First, a quick formality: I’m blogging about bad/misleading/less-informative-than-they-might-have-been graphs with my friend Catherine Roberts at her new fun internet adventure, Graphchat. There will be a lot of graphs, so you can probably look at it while at work and no one will be able to tell, assuming your work has something to with graphs.
Jordan Weissman looked at income distribution in the U.S. and New York, targeting the notion of “New York rich.” In his words:
it’s usually a somewhat strange experience when I get into conversations here about class. If I mention that a six-figure salary counts as rich in much of the country—that just $250,000 gets you into the top 2 percent—the response is usually, “Sure, but that’s not New York rich.”
Except, it sort of is.
I won’t quibble here about the claim, but rather about its graphical presentation. Weissman picked this side-by-side histogram to make his point:
New York city is visibly heavier in very low income and very high income, but the magnitudes of these differences aren’t exactly illustrative. If the claim is that the distribution of income in NYC is similar to the distribution of income in the U.S. at large, presenting the data this way with tons of white space between income buckets that aren’t really doing anything is confusing. Additionally, if the claim is in particular about “New York rich,” it doesn’t seem to matter if the proportion of households in the $50,000 to $74,999 bucket is similar in the U.S. and NYC, but rather how far out the right tail extends seems to be more instructive. You can’t figure that out from this graphic.
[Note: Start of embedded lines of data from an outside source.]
Lemma rational_P_point : P_nonempty E HA ->
  exists z : var -> R, [/\ forall p, is_rat (z p), forall p, 0 <= z p,
    solves (index_enum var) P_system z &
    forall e d, 0 < z (e, d) -> e \in E /\ ~~ [exists P in HA d, e \subset P]].
Proof.
move=> [x [x_edge [x_nonedge [x_vertex [x_bounds x_inside]]]]].
pose y (p : var) := if p.1 \in E then x p.1 p.2 else 0.
have y_ge0 p : 0 <= y p.
  by rewrite /y; case: ifP => [pE|_]; [case: (x_bounds _ p.2 pE) | apply: Rle_refl].
have ysol : solves (index_enum var) P_system y.
  apply/solves_P_systemP; split=> [e eE|d a].
    by change 1 with R1; rewrite -(x_edge e eE); apply: eq_bigr => d _; rewrite /y /= eE.
  change 1 with R1; rewrite -(x_vertex d a); apply: eq_big => // b ba; rewrite /y /=.
  by case: ifP => // abE; rewrite x_nonedge ?abE ?inK_pair.
have [z [z_rat z_ge0 z0 zsol]] := rational_point P_system_rat ysol y_ge0.
exists z; split => // e d z_gt0.
have y_ne0 : y (e, d) <> 0 by move=> /z0 z0'; lra.
have eE : e \in E by move: y_ne0; rewrite /y /=; case: ifP.
by split => //; apply/negP => /(x_inside e d eE); rewrite /y /= eE in y_ne0.
Qed.

Lemma integral_P_point : P_nonempty E HA ->
  exists2 k : nat, (0 < k)%N & exists M : var -> nat, [/\
    forall e, (\sum_(d < r) M (e, d) = k * (e \in E))%N,
    forall d a, (\sum_(b | b != a) M ([set a; b], d) = k)%N &
    forall e d, (0 < M (e, d))%N -> e \in E /\ ~~ [exists P in HA d, e \subset P]].
Proof.
move=> /rational_P_point [z [z_rat z_ge0 /solves_P_systemP [zE zV] zsupp]].
have [k k_gt0 [M hM]] := nat_scaling z_rat z_ge0.
have kR : 0 < INR k by apply/lt_0_INR/ltP.
have scaled (I : finType) (P : pred I) (f : I -> var) :
    INR (\sum_(i | P i) M (f i)) = INR k * \big[Rplus/0]_(i | P i) z (f i).
  by rewrite INR_sum -sumR_mull; apply: eq_bigr => i _; rewrite hM.
have Msupp e d : (0 < M (e, d))%N -> 0 < z (e, d).
  move=> /ltP/lt_0_INR; rewrite -hM => Mpos; case: (z_ge0 (e, d)) => // z0.
  by rewrite -z0 Rmult_0_r in Mpos; lra.
exists k => //; exists M; split => [e|d a|e d /Msupp /zsupp //].
  case: (boolP (e \in E)) => eE; last first.
    rewrite muln0 big1 // => d _; apply/eqP; rewrite -leqn0 leqNgt.
    by apply: contra eE => /Msupp /zsupp [].
  by apply: INR_eq; rewrite scaled zE // muln1 Rmult_1_r.
by apply: INR_eq; rewrite scaled zV Rmult_1_r.
Qed.
End Forward.

Lemma crossing_edge (V : finType) (H : {set V}) (e : {set V}) :
  inK e -> ~~ [exists P in [set H; ~: H], e \subset P] ->
  exists a b, [/\ a \in H, b \notin H & e = [set a; b]].
Proof.
move=> /cards2P [u [w [uw ->]]] not_inside.
have part P : P \in [set H; ~: H] -> ~~ ([set u; w] \subset P).
  by move=> PH; apply: contra not_inside => uwP; apply/existsP; exists P; rewrite PH.
case: (boolP (u \in H)) => uH; case: (boolP (w \in H)) => wH.
- by case/negP: (part H (set21 _ _)); rewrite subUset !sub1set uH wH.
- by exists u, w.
- by exists w, u; rewrite setUC.
- by case/negP: (part (~: H) (set22 _ _)); rewrite subUset !sub1set !inE uH wH.
Qed.

Section Assembly.
Variables (V : finType) (E : {set {set V}}) (r : nat) (HA : 'I_r -> {set {set V}}).
Hypothesis hap : HAP_table HA.

Lemma colour_decomposition k (M : {set V} * 'I_r -> nat) :
  (forall e, e \in E -> inK e) ->
  (forall d a, \sum_(b | b != a) M ([set a; b], d) = k) ->
  (forall e d, 0 < M (e, d) -> e \in E /\ ~~ [exists P in HA d, e \subset P]) ->
  forall d, exists qs : seq {set {set V}}, [/\ size qs = k,
    forall q, q \in qs -> perfect_matching_B (HA d) q &
    forall e, \sum_(q <- qs) (e \in q : nat) = M (e, d)].
Proof.
move=> EK Mdeg Msupp d; have /existsP [H /andP [/eqP HAd /eqP H_half]] := hap d.
have cross : crossing H (fun e => M (e, d)).
  by move=> e /Msupp [/EK eK]; rewrite HAd; apply: crossing_edge.
have [qs [size_qs qsPM qsM]] := regular_decomposition H_half cross (Mdeg d).
by exists qs; rewrite HAd.
Qed.

Definition target_vec : vec V :=
  ([ffun e => nat_of_bool (e \in E)], [ffun c => multiplicity HA c]).

Lemma multiplicity_non_eqpart c : ~~ is_eqpart c -> multiplicity HA c = 0.
Proof.
move=> nc; apply/eqP; rewrite cards_eq0; apply/eqP/setP => d; rewrite !inE.
by apply/negbTE; apply: contra nc => /eqP <-.
Qed.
Things get worse after Weissman adds a claim that San Francisco is really the rich people city. To make the claim that New York isn’t special in one particular way and San Francisco is, Weissman threw in this graph comparing San Francisco to… the U.S.:
If you can remember where the red bar is in the previous image, you can do a really quick visual comparison and find out whether New York and San Francisco are alike or similar in different income buckets! Lest you think I’m being unfair by throwing two paragraphs in between the two graphs, click the link I opened with and compare the space between the graphs in Weissman’s article (or here it is again if you don’t like scrolling) with the space between the graphs here.
The issues here are:
- To compare NYC and San Francisco, Weissman showed both of them compared to a third entity
- If income distribution is lumpy within any of these brackets, we don’t have any sense of the underlying shape
Neither of these needs to be a problem. We can instead visualize the same data (I used the one year ACS instead of 5 year) in KDE plots, fit everything on one graph, and actually see what San Francisco and NYC look like relative to each other and to the national average:
Here, it’s much more obvious how right-skewed the San Francisco income distribution is, much more obvious how similar the U.S. and NYC income distributions are, and much more obvious just how far the right tail goes. I don’t know what to tell you about the weird squiggle all the way in the right tail.
As I said above, I have no issues with the claim Weissman made. He’s correct that the income distributions in the U.S. and NYC are similar and that San Francisco is, if you pick random citizens, richer than either. His graphical choices just didn’t make that obvious.
As usual, all code/data work (there’s really not a lot) on github.